The authors would like to express their gratitude to the Health Services Academy Pakistan and the Department of Global Health Research, Juntendo University, for providing an invaluable platform for research. The academic support offered by the institution significantly contributed to the successful completion of this study.

This study was performed in accordance with the Declaration of Helsinki. This human study was approved by the Internal Review Committee of Health Services Academy – approval: 000136/HSA/MSPH-2021. All adult participants provided written informed consent to participate in this study. Requests were made to seek Informed Consent from the Participating dentists in the study. Their written permissions were also taken on the consent forms before conducting the survey (online suppl. material A2). Identities of the participating dentists were preserved by using alpha-numeric codes for respondents during data collection and analysis. During the conduct of interviews, privacy and confidentiality of the interview setting were managed carefully.

The authors declare no conflicts of interest.

This research received no external funding.

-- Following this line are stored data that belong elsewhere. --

(* pi^{m1,m2}(x1,x2): expected payoff of a player with message m1 using cutoff
   x1 against an opponent with message m2 using cutoff x2; the integral
   against dF_{m1} is written through the density f / F(msupp m1). *)
Definition payoff (f : R -> R) (m1 m2 : msg) (x1 x2 : R) : R :=
  Rintegral leb_meas (msupp m1)
    (fun u => (if u <= x1 then (1 - u) * Fm f m2 x2
               else u * (1 - Fm f m2 x2)) * f u)
  / Rintegral leb_meas (msupp m1) f.

Definition cutoff_equiv (f : R -> R) (m : msg) (x x' : R) : Prop :=
  Fm f m x = Fm f m x'.

Definition in01 (x : R) : Prop := 0 <= x <= 1.

Definition strict_eq (f : R -> R) (m1 m2 : msg) (x1 x2 : R) : Prop :=
  [/\ in01 x1, in01 x2,
      (forall x1', in01 x1' -> payoff f m1 m2 x1' x2 >= payoff f m1 m2 x1 x2 ->
                   cutoff_equiv f m1 x1' x1) &
      (forall x2', in01 x2' -> payoff f m2 m1 x2' x1 >= payoff f m2 m1 x2 x1 ->
                   cutoff_equiv f m2 x2' x2)].

Definition nis_profile (f : R -> R) (m1 m2 : msg) (x1 x2 : R) : Prop :=
  strict_eq f m1 m2 x1 x2 /\
  exists eps : R, 0 < eps /\
    forall x1' x2', in01 x1' -> in01 x2' ->
      ~ cutoff_equiv f m1 x1' x1 -> ~ cutoff_equiv f m2 x2' x2 ->
      `|x1' - x1| < eps -> `|x2' - x2| < eps ->
      payoff f m1 m2 x1 x2' > payoff f m1 m2 x1' x2' \/
      payoff f m2 m1 x2 x1' > payoff f m2 m1 x2' x1'.

End Game.

Definition xiL (R : realType) (m m' : msg) : R :=
  match m, m' with mR, mR => 0 | _, _ => 1 end.
Definition xiR (R : realType) (m m' : msg) : R :=
  match m, m' with mL, mL => 1 | _, _ => 0 end.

Conceptualization, project administration, and design: Zoofa Talha and Mariyam Sarfraz. Methodology: Zoofa Talha, Mariyam Sarfraz, and Ishtiaq Ahmad. Validation, formal analysis, investigation, writing – original draft preparation, and data curation: Zoofa Talha and Ishtiaq Ahmad. Writing – review and editing: Zoofa Talha, Mariyam Sarfraz, Ishtiaq Ahmad, and Aida Uzakova. Visualization: Zoofa Talha and Aida Uzakova. Supervision: Mariyam Sarfraz, and Ishtiaq Ahmad. All authors have read and agreed to the published version of the manuscript.

The data that support the findings of this study are not publicly available due to privacy reasons but are available from the corresponding author upon reasonable request.